The idea of a PLE (Personal Learning Environment) is that learners can configure different services and tools to develop their own learning environment, bringing together informal learning from the home, the workplace as well as more formal provision by education institutions. The PLE is controlled by the learner and as well as offering an environment for accessing different information and knowledge allows access to web based publishing and other opportunities for creating content and expressing and exchanging ideas. The idea behind the PLE is to harness the power and potential of social software and web 2.0 applications for learning. (Atwell, 2008).

However, we contend that from a Higher Education perspective, the whole personal learning agenda needs exploring with formal learning in mind, i.e. where a more deliberative approach to scaffold learning takes place to complement the more informal social activities that may go on using social software. Cook (2009) has argued that we need Personalised Learning Environments, which he defines as a loosely coupled set of tools and resources that are learner defined, i.e. where the learner creates their own context for learning (hence the use of the word Personalised as opposed to Personal). The European Commission funded MATURE project (http://mature-ip.eu/en/start) and the work of Van Harmelen (2007) provides a good example of the development of Personal Learning Environments and tools to support work-based learners on a learning journey. Cook (2009) describes the learner’s perspective within a Personalised Learning Environment, based on his involvement in the MATURE project, as follows. The learner is supported on a learning journey as they: (i) set their own learning goals; manage their learning (by managing both content and process); communicate with others across multiple contexts in the process of learning (i.e. support student experience of eLearning as they move between work/life/learning contexts); appropriate digital tools and media into the learning practice; and thereby achieve learning goals.

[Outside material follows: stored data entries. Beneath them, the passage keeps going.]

(* Let $k$ be a commutative ring and $A$ a commutative $k$-algebra. If the homomorphism of graded $A$-algebras $\theta_{A/k}:\operatorname{gr}\operatorname{Diff}_{A/k}\to(\operatorname{Sym}\Omega_{A/k})^*_{gr}$ is surjective (hence an isomorphism), then $\operatorname{Ider}_k(A)=\operatorname{Der}_k(A)$.
   Context: $\operatorname{Diff}^{(n)}_{A/k}$: $k$-linear differential operators of order $\le n$ (order $0$ = multiplications by elements of $A$; $\varphi$ has order $\le i+1$ iff $[\varphi,a]=\varphi\circ a-a\circ\varphi$ has order $\le i$ for all $a$); $\operatorname{gr}\operatorname{Diff}_{A/k}$ is the associated graded commutative $A$-algebra, $\sigma_n$ the symbol. $(\operatorname{Sym}\Omega_{A/k})^*_{gr}=\bigoplus_n\operatorname{Hom}_A(\operatorname{Sym}^n\Omega_{A/k},A)$ with the shuffle product. $\theta_{A/k}=\bigoplus_n\theta_n$, where for $P\in\operatorname{Diff}^{(n)}_{A/k}$, $\theta_n(\sigma_n(P))$ is the $A$-linear form on $\operatorname{Sym}^n\Omega_{A/k}$ with $dx_1\cdots dx_n\mapsto\sum_{L\subset[n]}(-1)^{\sharp L}x_LP(x_{[n]\setminus L})$ ($x_L=\prod_{i\in L}x_i$); it is a well-defined injective homomorphism of graded $A$-algebras. $\operatorname{Ider}_k(A)$ is the set of $\delta\in\operatorname{Der}_k(A)$ for which there is an infinite sequence $(D_0=\mathrm{Id},D_1=\delta,D_2,\dots)$ of $k$-linear maps $A\to A$ with $D_i(xy)=\sum_{r+s=i}D_r(x)D_s(y)$ (a Hasse–Schmidt derivation). *)

From HB Require Import structures.
From mathcomp Require Import all_boot all_order all_algebra all_fingroup.
Set Implicit Arguments. Unset Strict Implicit. Unset Printing Implicit Defensive.
Import GRing.Theory.
Local Open Scope ring_scope.

Section Defs.
(* k : commutative ring; A : commutative k-algebra, given by its structure map f. *)
Variables (k A : comPzRingType) (f : {rmorphism k -> A}).

Definition klinear (D : A -> A) : Prop :=
  (forall x y, D (x + y) = D x + D y) /\ (forall (c : k) x, D (f c * x) = f c * D x).

Definition isDer (D : A -> A) : Prop :=
  klinear D /\ forall x y, D (x * y) = x * D y + y * D x.

Fixpoint ordLe (n : nat) (D : A -> A) : Prop :=
  match n with
  | O => exists a : A, forall x, D x = a * x
  | S m => forall a : A, ordLe m (fun x => D (a * x) - a * D x)
  end.

Definition isDiffOp (n : nat) (D : A -> A) : Prop := klinear D /\ ordLe n D.

(* Hom_A(Sym^n Omega_{A/k}, A), written out: symmetric maps A^n -> A that are
   k-derivations in each argument (phi (x_1,..,x_n) = value on dx_1 ... dx_n). *)
Definition symMultiDer (n : nat) (phi : ('I_n -> A) -> A) : Prop :=
  (forall (i : 'I_n) (x : 'I_n -> A),
      isDer (fun t => phi (fun j => if j == i then t else x j)))
  /\ (forall (s : {perm 'I_n}) (x : 'I_n -> A), phi (fun j => x (s j)) = phi x).

(* theta_n(sigma_n(P)) evaluated at dx_1 ... dx_n *)
Definition thetaVal (n : nat) (P : A -> A) (x : 'I_n -> A) : A :=
  \sum_(L : {set 'I_n})
     (-1) ^+ #|L| * (\prod_(i in L) x i) * P (\prod_(i in ~: L) x i).

(* theta_{A/k} surjective: every element of each graded piece is theta_n(sigma_n(P)) *)
Definition theta_surjective : Prop :=
  forall (n : nat) (phi : ('I_n -> A) -> A), symMultiDer phi ->
    exists P : A -> A, isDiffOp n P /\ forall x, phi x = thetaVal P x.

Definition isHS (D : nat -> A -> A) : Prop :=
  (forall x, D 0%N x = x) /\ (forall i, klinear (D i)) /\
  (forall (i : nat) (x y : A), D i (x * y) = \sum_(r < i.+1) D r x * D (i - r)%N y).

Definition isIder (delta : A -> A) : Prop :=
  isDer delta /\ exists D : nat -> A -> A, isHS D /\ (forall x, D 1%N x = delta x).

End Defs.

From HB Require Import structures.
From mathcomp Require Import all_boot all_order all_algebra all_fingroup.
From Stdlib Require Import FunctionalExtensionality ClassicalEpsilon.
From mathcomp Require Import ring zify.
Set Implicit Arguments. Unset Strict Implicit. Unset Printing Implicit Defensive.
Import GRing.Theory.
Local Open Scope ring_scope.

(* A derivation [delta] is extended to a Hasse-Schmidt sequence one term at a
   time.  Given D_0 = id, D_1 = delta, ..., D_(n-1) obeying the Hasse-Schmidt
   rule, put Psi(x) = sum_(0<i<n) D_i(x) t^i and let T_m(x_1,...,x_m) be the
   coefficient of t^n in Psi(x_1)...Psi(x_m); it vanishes for m > n.  By
   descending induction on m one finds a k-linear E with theta_j(E) = T_j for
   all j > m: given such an E for m + 1, the defect T_(m+1) - theta_(m+1)(E)
   is a symmetric multi-derivation (because x + Psi(x) is multiplicative
   modulo t^n and theta_(m+2)(E) = T_(m+2)), hence, by surjectivity of
   theta, equals theta_(m+1)(P) for an operator P of order <= m+1, whose
   theta_j vanish for j > m+1; replace E by E + P.  For m = 1
   the identity theta_2(E) = T_2 says exactly that D_n := E - E(1) . obeys
   the Hasse-Schmidt rule in degree n. *)

Section IteratedCommutators.
Variable A : comPzRingType.
Implicit Types (G H : A -> A) (a b c y : A).

Definition comm_op G a : A -> A := fun y => G (a * y) - a * G y.

Fixpoint iter_comm m G : ('I_m -> A) -> A -> A :=
  match m with
  | 0 => fun _ => G
  | m'.+1 => fun x => iter_comm (comm_op G (x ord0)) (fun j => x (lift ord0 j))
  end.

Definition fcons m c (x : 'I_m -> A) : 'I_m.+1 -> A :=
  fun i => if unlift ord0 i is Some j then x j else c.

Lemma fcons0 m c (x : 'I_m -> A) : fcons c x ord0 = c.
Proof. by rewrite /fcons unlift_none. Qed.

Lemma fcons_lift m c (x : 'I_m -> A) j : fcons c x (lift ord0 j) = x j.
Proof. by rewrite /fcons liftK. Qed.

Lemma eq_iter_comm m G H (x x' : 'I_m -> A) :
  G =1 H -> x =1 x' -> iter_comm G x =1 iter_comm H x'.
Proof.
elim: m G H x x' => [|m IH] G H x x' eGH ex //=.
by apply: (IH _ _ _ _) => [y|j]; rewrite /comm_op ?eGH ex.
Qed.

Lemma iter_comm_fcons m G c (x : 'I_m -> A) :
  iter_comm G (fcons c x) =1 iter_comm (comm_op G c) x.
Proof.
by move=> y /=; apply: eq_iter_comm => [z|j]; rewrite ?fcons0 ?fcons_lift.
Qed.

Lemma iter_comm0 m (x : 'I_m -> A) : iter_comm (fun=> 0) x =1 (fun=> 0).
Proof.
elim: m x => [|m IH] x y //=.
apply: etrans (IH (fun j => x (lift ord0 j)) y).
by apply: eq_iter_comm => // z; rewrite /comm_op mulr0 subr0.
Qed.

Lemma iter_commD m G H (x : 'I_m -> A) y :
  iter_comm (fun z => G z + H z) x y = iter_comm G x y + iter_comm H x y.
Proof.
elim: m G H x => [|m IH] G H x //=; rewrite -IH.
by apply: eq_iter_comm => // z; rewrite /comm_op; ring.
Qed.

Lemma iter_commZ m G b (x : 'I_m -> A) y :
  iter_comm (fun z => b * G z) x y = b * iter_comm G x y.
Proof.
elim: m G x => [|m IH] G x //=; rewrite -IH.
by apply: eq_iter_comm => // z; rewrite /comm_op; ring.
Qed.

Lemma iter_comm_ordLe m G : ordLe m G ->
  forall j (x : 'I_j -> A), (m < j)%N -> iter_comm G x =1 (fun=> 0).
Proof.
elim: m G => [|m IH] G ordG [|j] x //= ltmj y.
  have [a Ga] := ordG; rewrite -[RHS](iter_comm0 (fun j => x (lift ord0 j)) y).
  by apply: eq_iter_comm => // z; rewrite /comm_op !Ga mulrCA subrr.
exact: (IH _ (ordG (x ord0)) _ _ ltmj y).
Qed.

Lemma iter_comm_fconsM m G a b (x : 'I_m -> A) y :
  iter_comm G (fcons (a * b) x) y =
  iter_comm G (fcons a (fcons b x)) y + b * iter_comm G (fcons a x) y
  + a * iter_comm G (fcons b x) y.
Proof.
rewrite !iter_comm_fcons -!iter_commZ -!iter_commD.
by apply: eq_iter_comm => // z; rewrite /comm_op !mulrA; ring.
Qed.

Lemma iter_comm_fconsD m G c1 c2 (x : 'I_m -> A) y : {morph G : u v / u + v} ->
  iter_comm G (fcons (c1 + c2) x) y =
  iter_comm G (fcons c1 x) y + iter_comm G (fcons c2 x) y.
Proof.
move=> GD; rewrite !iter_comm_fcons -iter_commD.
by apply: eq_iter_comm => // z; rewrite /comm_op mulrDl GD; ring.
Qed.

Lemma iter_comm_fconsZ m G c c1 (x : 'I_m -> A) y : (forall z, G (c * z) = c * G z) ->
  iter_comm G (fcons (c * c1) x) y = c * iter_comm G (fcons c1 x) y.
Proof.
move=> GZ; rewrite !iter_comm_fcons -iter_commZ.
by apply: eq_iter_comm => // z; rewrite /comm_op -mulrA GZ; ring.
Qed.

End IteratedCommutators.

Section ThetaVal.
Variable A : comPzRingType.
Implicit Types (G : A -> A) (y : A).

But Personalised Learning Environments (or PLEs from now on) are also about imposing the personal on the technical and providing 24/7 access to educational support. Because there is a real need to support more formal education, this paper looks at the work of the Centre for Excellence in Teaching and Learning (CETL) in Reusable Learning Objects (RLOs) and how this work on formal learning has been used to promote personalised learning at two UK Higher Education Institutes (HEIs). These reusable learning objects provide bite-sized scaffolding for learning and can be seen as one of the building blocks for the PLE, which we conceived as a loosely coupled set of tools and resources.

The CETL in Reusable Learning Objects is one of 74 CETLs being funded by the UK’s Higher Education Funding Council for England (http://www.rlo-cetl.ac.uk/). It is developing a range of multimedia learning objects that are stored in repositories, accessed over the Web or from mobile phones, and integrated into course delivery. London Metropolitan University (London Met) is the lead site, in partnership with the Universities of Cambridge and Nottingham. The RLOs are designed with pedagogy as a central concern, along with the requirement that they should be able to be reused by other tutors and institutions, and in different contexts (Boyle & Cook, 2001) and accommodate different types of users (students and tutors). In this sense RLOs have the potential to be added into the mix of a PLE at a time when a learner decides they need specific support.